En England a literary or "closet" drama, entirely unsuited to stage production, sprang up. It listed in its annals such names as Wordsworth, Coleridge, Byron, Shelley, Swinburne, Browning, and Tennyson. It was not until the latter part of the century that the English stage again showed signs of life with the advent of Henry Arthur Jones, Sir Arthur Wing Pinero, and Oscar Wilde.

The latter part of this century, too, saw the beginning of the independent theater movement that was to be the forerunner of the "Little Theater" movement that in the twentieth century spread far and wide. It was in such theaters as these . . . the Théâtre Libre of Paris, Die Freie Bühne of Berlin, the Independent Theater of London and Miss Horniman's Theater in Manchester, that Ibsen, Strindberg, Björnson, Yeats, Shaw, Hauptmann and Synge were first given a hearing.

During the latter part of the century in Germany there appeared two dramatists who would go on to win international fame: Hauptmann and Sudermann. A Viennese physician, Arthur Schnitzler, became widely known outside his native Austria through his light and amusing Anatol.

In France, Brieux became the herald of a realistic, not to say clinical, drama. Belgium produced Maeterlinck. But the most notable event of the late nineteenth century was probably the production in Paris of Edmond Rostand's Cyrano de Bergerac.
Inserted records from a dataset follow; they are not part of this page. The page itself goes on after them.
(* For all $n\ge0$, \[ c_n^2=\delta_{n,0}+c_{n-1}^2+c_{n-3}^2+2\sum_{l=3}^n p_{l-1}c_{n-l}^2 . \]
   Context: The Narayana's cows numbers $c_n$ are defined by $c_n=\delta_{n,0}+c_{n-1}+c_{n-3}$ for $n\ge0$, $c_n=0$ for $n<0$. The Padovan numbers $p_n$ are defined by $p_n=\delta_{n,0}+p_{n-2}+p_{n-3}$ for $n\ge0$, $p_n=0$ for $n<0$. $\delta_{i,j}$ is $1$ if $i=j$ and $0$ otherwise. Empty sums are $0$. *)

From mathcomp Require Import all_boot all_algebra.
Set Implicit Arguments. Unset Strict Implicit. Unset Printing Implicit Defensive.

(* Narayana's cows numbers on nat: c_0 = 1, c_n = c_{n-1} + c_{n-3} (c_k = 0 for k < 0). *)
Fixpoint cowN (n : nat) : nat :=
  match n with
  | 0 => 1
  | 1 => 1
  | 2 => 1
  | ((m.+1 as k).+1 as j).+1 => cowN j + cowN m
  end.

(* Padovan numbers on nat: p_0 = 1, p_n = p_{n-2} + p_{n-3} (p_k = 0 for k < 0). *)
Fixpoint padN (n : nat) : nat :=
  match n with
  | 0 => 1
  | 1 => 0
  | 2 => 1
  | ((m.+1 as k).+1 as j).+1 => padN k + padN m
  end.

Definition cow (z : int) : nat := if z is Posz n then cowN n else 0.
Definition pad (z : int) : nat := if z is Posz n then padN n else 0.

From mathcomp Require Import all_boot all_algebra.
From mathcomp Require Import zify.

(* For n = m + 3 the sum in the theorem is T_m = \sum_(k <= m) p_(k+2) c_(m-k)^2,
   and since c_(m+3) = c_(m+2) + c_m the claim amounts to T_m = c_(m+2) c_m.
   Padovan's recurrence gives T_(m+3) = T_(m+1) + T_m + c_(m+3)^2 + c_(m+2)^2,
   and Narayana's recurrence shows that c_(m+2) c_m satisfies the same
   recurrence; the initial values agree. *)

Lemma cowN_rec m : cowN m.+3 = cowN m.+2 + cowN m. Proof. by []. Qed.
Lemma padN_rec m : padN m.+3 = padN m.+1 + padN m. Proof. by []. Qed.

Lemma cow_nat n : cow n%:Z = cowN n. Proof. by []. Qed.
Lemma pad_nat n : pad n%:Z = padN n. Proof. by []. Qed.

Section PadovanConvolution.

Variable b : nat -> nat.

Definition padconv (m : nat) : nat := \sum_(k < m.+1) padN k * b (m - k).
Definition padconv2 (m : nat) : nat := \sum_(k < m.+1) padN k.+2 * b (m - k).

Lemma padconvSS m : padconv m.+2 = b m.+2 + padconv2 m.
Proof. by rewrite /padconv 2!big_ord_recl /= mul1n mul0n subn0. Qed.

Lemma padconv2S m : padconv2 m.+1 = padconv m.+1 + padconv m.
Proof.
rewrite /padconv2 /padconv big_ord_recl [in RHS]big_ord_recl -addnA.
congr (_ + _); rewrite -big_split; apply: eq_bigr => i _.
by rewrite !lift0 subSS padN_rec mulnDl.
Qed.

Lemma padconv2_rec m :
  padconv2 m.+3 = b m.+3 + b m.+2 + padconv2 m.+1 + padconv2 m.
Proof. by rewrite padconv2S !padconvSS; lia. Qed.

End PadovanConvolution.

Lemma cowN_mul_rec m :
  cowN m.+3.+2 * cowN m.+3
  = cowN m.+3 ^ 2 + cowN m.+2 ^ 2 + cowN m.+3 * cowN m.+1 + cowN m.+2 * cowN m.
Proof. rewrite !cowN_rec; nia. Qed.

Lemma padconv2_cowN_sq m :
  padconv2 (fun k => cowN k ^ 2) m = cowN m.+2 * cowN m.
Proof.
elim/ltn_ind: m => -[|[|[|m]]] IH; try by rewrite /padconv2 !big_ord_recl big_ord0.
by rewrite padconv2_rec cowN_mul_rec !IH; lia.
Qed.

Lemma cow_padovan_sum m :
  (\sum_(3 <= l < m.+4) pad (l%:Z - 1) * cow (m.+3%:Z - l%:Z) ^ 2)%N
  = padconv2 (fun k => cowN k ^ 2) m.
Proof.
rewrite -{1}(add0n 3) big_addn !subSS subn0 big_mkord; apply: eq_bigr => i _.
have le_im : (i <= m)%N by rewrite -ltnS.
by rewrite addn3 subzn ?ltnS // -predn_int // cow_nat pad_nat !subSS.
Qed.

Local Open Scope ring_scope.

Theorem mainTheorem12 (n : nat) :
  ((cow n%:Z) ^ 2 =
   (n == 0)%N + (cow (n%:Z - 1)) ^ 2 + (cow (n%:Z - 3)) ^ 2
   + 2 * \sum_(3 <= l < n.+1) pad (l%:Z - 1) * (cow (n%:Z - l%:Z)) ^ 2)%N.
Proof.
case: n => [|[|[|m]]]; try by rewrite big_geq.
rewrite cow_padovan_sum padconv2_cowN_sq.
rewrite -predn_int // subzn // !cow_nat !subSS subn0 [m.+3.-1]/= cowN_rec; lia.
Qed.
(* For all integers $2\le k\le n$, \[ \mathbb{P}_n(S_k\cap S_{k-1})=\frac{(n-k+1)^2}{4n(n-1)}, \] i.e. the probability that both the $(k-1)$-th and $k$-th boundary steps of a uniformly random type-B permutation tableau of size $n$ are south steps equals $\frac{(n-k+1)^2}{4n(n-1)}$.
   Context: A Ferrers diagram is a left-justified array of cells whose row lengths weakly decrease from top to bottom (rows of length $0$ are allowed). Its half-perimeter is the number of rows plus the number of columns. Its southeast boundary, traversed from the northeast corner to the southwest corner, consists of $n$ unit steps, each south or west; south steps correspond to rows and west steps to columns. We write $S_k$ (resp. $W_k$) for the event that the $k$-th step is south (resp. west). If the diagram has $c$ columns, the shifted Ferrers diagram is obtained by inserting $c$ new left-justified rows above it, of lengths $c,c-1,\dots,1$ from top to bottom; the rightmost cell of each inserted row is a diagonal cell. A type-B permutation tableau of size $n$ is a filling of a shifted Ferrers diagram of half-perimeter $n$ with $0$'s and $1$'s such that: (1) every column contains at least one $1$; (2) no $0$ has both a $1$ above it in its column and a $1$ to its left in its row; (3) if a diagonal cell contains $0$ then every cell of its row contains $0$. The boundary steps of the shifted diagram are those of the underlying Ferrers diagram. Let $\mathcal{B}_n$ be the set of such tableaux and $\mathbb{P}_n$ the uniform probability measure on $\mathcal{B}_n$. *)

From mathcomp Require Import all_boot all_order all_algebra.
Set Implicit Arguments. Unset Strict Implicit. Unset Printing Implicit Defensive.
(* The new edges from [X] to [J] replace the paths through the removed region. *)
Lemma nbh_Pr A : X \subset A -> A \subset gv HJ -> nbh HJ A = nbh H (A :|: NR H Y J).
Proof.
move=> /subsetP XA /subsetP AJ; have [x0 x0X] := set0Pn _ X_neq0.
have eJ := min_sep_nbh_NR XH mJ.
apply/setP=> v; apply/idP/idP.
  case/nbhP=> vJ vA [u uA /adj_PrP[_ _ e]].
  have vX : v \notin X by apply: contra vA; apply: XA.
  move: (vJ); rewrite in_gv_Pr (negbTE vX) orbF => /andP[vH vR].
  apply/nbhP; split=> //; first by rewrite in_setU negb_or vA.
  case: e => [uv | /andP[_ vJ'] | /andP[vX'] _]; last by rewrite vX' in vX.
    by exists u; rewrite ?in_setU ?uA.
  by move: vJ'; rewrite -{1}eJ => /nbhP[_ _ [w wR wv]]; exists w; rewrite ?in_setU ?wR ?orbT.
case/nbhP=> vH; rewrite in_setU negb_or => /andP[vA vR] [u].
have vJ : v \in gv HJ by rewrite in_gv_Pr vH vR.
case/setUP=> [uA | uR] uv.
  by apply/nbhP; split=> //; exists u => //; apply: adj_Pr uv (AJ u uA) vJ.
have vJ' : v \in J by rewrite -eJ; apply/nbhP; split=> //; exists u.
apply/nbhP; split=> //; exists x0; first exact: XA.
apply: adj_Pr_XJ => //; last by apply: AJ; apply: XA.
by apply: contraNneq vA => <-; apply: XA.
Qed.

Lemma nbh_Pr_X : nbh HJ X = J.
Proof.
have sJ : is_sep H X Y J by case/andP: mJ.
have /and4P[XR _ _ _] := NR_region XH sJ.
by rewrite nbh_Pr ?X_sub_gv_Pr // (setUidPr XR) (min_sep_nbh_NR XH mJ).
Qed.

Lemma region_Pr_X : [disjoint X & Y] -> region HJ X Y X.
Proof.
move=> XY; have sJ : is_sep H X Y J by case/andP: mJ.
rewrite /region subxx X_sub_gv_Pr XY nbh_Pr_X /=.
by apply/disjointP=> v /(sep_vertex sJ)[].
Qed.

Lemma region_Pr_lift A : region HJ X Y A -> region H X Y (A :|: NR H Y J).
Proof.
case/and4P=> XA AJ AY NA; have sJ : is_sep H X Y J by case/andP: mJ.
have /and4P[_ RH RY _] := NR_region XH sJ.
apply/and4P; split.
- by rewrite subsetU ?XA.
- by rewrite subUset RH (subset_trans AJ) ?subsetDl.
- by rewrite disjoints_subset subUset -!disjoints_subset AY.
- by rewrite -nbh_Pr.
Qed.
(* Let $H$ be a real Hilbert space, $T_n:H\to H$ for every $n\in\mathbb{N}$, and $(\gamma_n)$ a sequence of positive reals with $\sum_{n=0}^\infty\gamma_n^2=\infty$. Assume that $(T_n)$ is jointly firmly nonexpansive with respect to $(\gamma_n)$ and that $F:=\bigcap_{n\in\mathbb{N}}Fix(T_n)\neq\emptyset$. Let $x\in H$, $x_0:=x$, $x_{n+1}:=T_nx_n$ for all $n$. Then $(x_n)$ converges weakly to a point of $F$.
   Context: $(T_n)$ is jointly firmly nonexpansive w.r.t. $(\gamma_n)$ if for all $n,m\in\mathbb{N}$, $x,y\in H$, $\alpha,\beta\in[0,1]$ with $(1-\alpha)\gamma_n=(1-\beta)\gamma_m$: $\|T_nx-T_my\|\le\|((1-\alpha)x+\alpha T_nx)-((1-\beta)y+\beta T_my)\|$. $Fix(T)$ is the fixed point set of $T$. *)

From HB Require Import structures.
From mathcomp Require Import all_boot all_order all_algebra.
From mathcomp Require Import all_classical all_reals all_analysis.
Set Implicit Arguments. Unset Strict Implicit. Unset Printing Implicit Defensive.
Import Order.TTheory GRing.Theory Num.Theory.
Import numFieldNormedType.Exports.
Local Open Scope classical_set_scope.
Local Open Scope ring_scope.

(* A real inner product on V compatible with the norm of V:
   bilinear (linear in the first argument + symmetric) and <x,x> = |x|^2.
   A complete normed space with such an inner product is a real Hilbert space. *)
Definition is_inner_product (R : realType) (V : normedModType R)
    (ip : V -> V -> R) : Prop :=
  [/\ (forall (a : R) (x y z : V), ip (a *: x + y) z = a * ip x z + ip y z),
      (forall x y : V, ip x y = ip y x) &
      (forall x : V, ip x x = `|x| ^+ 2)].

Definition Fix (T : Type) (f : T -> T) : set T := [set x | f x = x].

Definition jointly_firmly_nonexpansive (R : realType) (V : normedModType R)
    (T : nat -> V -> V) (gamma : nat -> R) : Prop :=
  forall (n m : nat) (x y : V) (alpha beta : R),
    0 <= alpha <= 1 -> 0 <= beta <= 1 ->
    (1 - alpha) * gamma n = (1 - beta) * gamma m ->
    `|T n x - T m y| <=
      `|((1 - alpha) *: x + alpha *: T n x) - ((1 - beta) *: y + beta *: T m y)|.

Fixpoint iter_seq (V : Type) (T : nat -> V -> V) (x : V) (n : nat) : V :=
  match n with
  | 0 => x
  | k.+1 => T k (iter_seq T x k)
  end.

Definition weakly_converges (R : realType) (V : normedModType R)
    (ip : V -> V -> R) (u : nat -> V) (p : V) : Prop :=
  forall y : V, (fun n => ip (u n) y) @ \oo --> ip p y.

(* The Yosida approximations [yosida n x = (x - T n x) / gamma n] satisfy the monotonicity
   inequality [<T n x - T m y, yosida n x - yosida m y> >= 0]: test joint firm nonexpansiveness
   with weights for which [(1 - alpha) gamma n = (1 - beta) gamma m = t] and let [t -> 0].
   Hence the iterates are Fejer monotone with respect to the common fixed points,
   [|yosida n (x n)|] is nonincreasing and [sum_n gamma n ^2 |yosida n (x n)| ^2] is finite, so
   [yosida n (x n) -> 0] because [sum gamma n ^2] diverges.  By monotonicity again every weak
   cluster point of [(x n)] is a common fixed point, and Opial's argument gives weak
   convergence.  Without a weak topology at hand, weak cluster points are replaced by points
   of the closed convex hulls of all tails; these exist because in a Hilbert space a
   decreasing sequence of nonempty bounded closed convex sets has a common point. *)

From HB Require Import structures.
From mathcomp Require Import all_boot all_order all_algebra.
From mathcomp Require Import all_classical all_reals all_analysis.
From mathcomp Require Import ring lra.
Import Order.TTheory GRing.Theory Num.Theory.
Import numFieldNormedType.Exports.
Local Open Scope classical_set_scope.
Local Open Scope ring_scope.

Lemma ler_add_small_mul {R : realFieldType} {a c k tau : R} : 0 <= k -> 0 < tau ->
  (forall e, 0 < e -> e <= tau -> a <= c + e * k) -> a <= c.
Proof.
move=> k0 tau0 h; apply/ler_addgt0Pr => e e0.
have k1 : 0 < k + 1 by rewrite ltr_wpDl.
pose t := Num.min tau (e / (k + 1)).
have t0 : 0 < t by rewrite lt_min tau0 divr_gt0.
have tk : t * k <= e.
  apply: (@le_trans _ _ (e / (k + 1) * k)); first by rewrite ler_wpM2r // ge_min lexx orbT.
  by rewrite mulrAC ler_pdivrMr // ler_pM2l //; lra.
by apply: le_trans (h t t0 _) _; rewrite ?lerD2l // ge_min lexx.
Qed.

Section InnerProduct.
Context {R : realType} {H : normedModType R} {ip : H -> H -> R}.
Hypothesis hip : is_inner_product ip.

Lemma ipC x y : ip x y = ip y x.
Proof. by case: hip. Qed.
(* Let $F$ be a field and let $v$ be a place of $F(T)$ which is trivial on $F$ and whose residue field is separable over $F$. Then the maps $\mathcal D_j$ on $F(T)$ extend continuously to the completion of $F(T)$ at $v$, and there they form a higher $K$-derivation for any coefficient field $K$ of the completion such that $K$ contains $F$.
   Context: For $j\ge0$, $\mathcal D_j$ is the $j$th hyperdifferential operator: the $F$-linear map on $F[T]$ with $\mathcal D_j(T^m)=\binom{m}{j}T^{m-j}$ for $m\ge0$. The sequence $(\mathcal D_j)$ is a higher $F$-derivation on $F[T]$ and extends uniquely to a higher $F$-derivation on the field $F(T)$; these extended maps are the $\mathcal D_j$ on $F(T)$. Here, for a commutative ring $R$ and $R$-algebra $A$, a higher $R$-derivation on $A$ is a sequence of $R$-linear maps $d_j:A\to A$ with $d_0=\mathrm{id}$ and $d_j(ab)=\sum_{k=0}^jd_k(a)d_{j-k}(b)$. A coefficient field of a complete discretely valued field is a subfield of its valuation ring mapping isomorphically onto the residue field. *)

From mathcomp Require Import all_boot all_order all_algebra all_field.
Set Implicit Arguments. Unset Strict Implicit. Unset Printing Implicit Defensive.
Import Order.TTheory GRing.Theory Num.Theory.
Local Open Scope ring_scope.

Notation ratfun F := {fraction {poly F}}.
Definition polyF (F : fieldType) (p : {poly F}) : ratfun F := @FracField.tofrac _ p.
Definition constF (F : fieldType) (c : F) : ratfun F := polyF c%:P.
It is, after that, something of an anti-climax to record that in Italy Giacosa was writing his best known play, As the Leaves, and composing the librettos for the operas, La Bohème, Tosca, and Madame Butterfly; or that Verga wrote In the Porter's Lodge, The Fox Hunt, and Cavalleria Rusticana, which again is better known through Muscagni's opera; or even that the best known of the nineteenth century Italian dramatists, Gabriel d'Annunzio, was making his somewhat contradictory contributions to the dramatic art. Of the Italians who began their work in the late nineteenth century, two deserve mention, Luigi Pirandello and Sem Benelli whose Supper of Jokes is known on the English and American stage as The Jest. Benelli's Love of the Three Kings is best known outside Italy in its operatic form.

In Spain José Echegaray, author of The World and His Wife; José Benavente, whose Passion Flower and Bonds of Interest were offered on the American stage; and the brothers Sierra whose Cradle Song achieved international fame, are a connecting link between the nineteenth and twentieth centuries, as are Shaw, Galsworthy, and Barrie in England and Lady Augusta Gregory and W.B. Yeats in Ireland.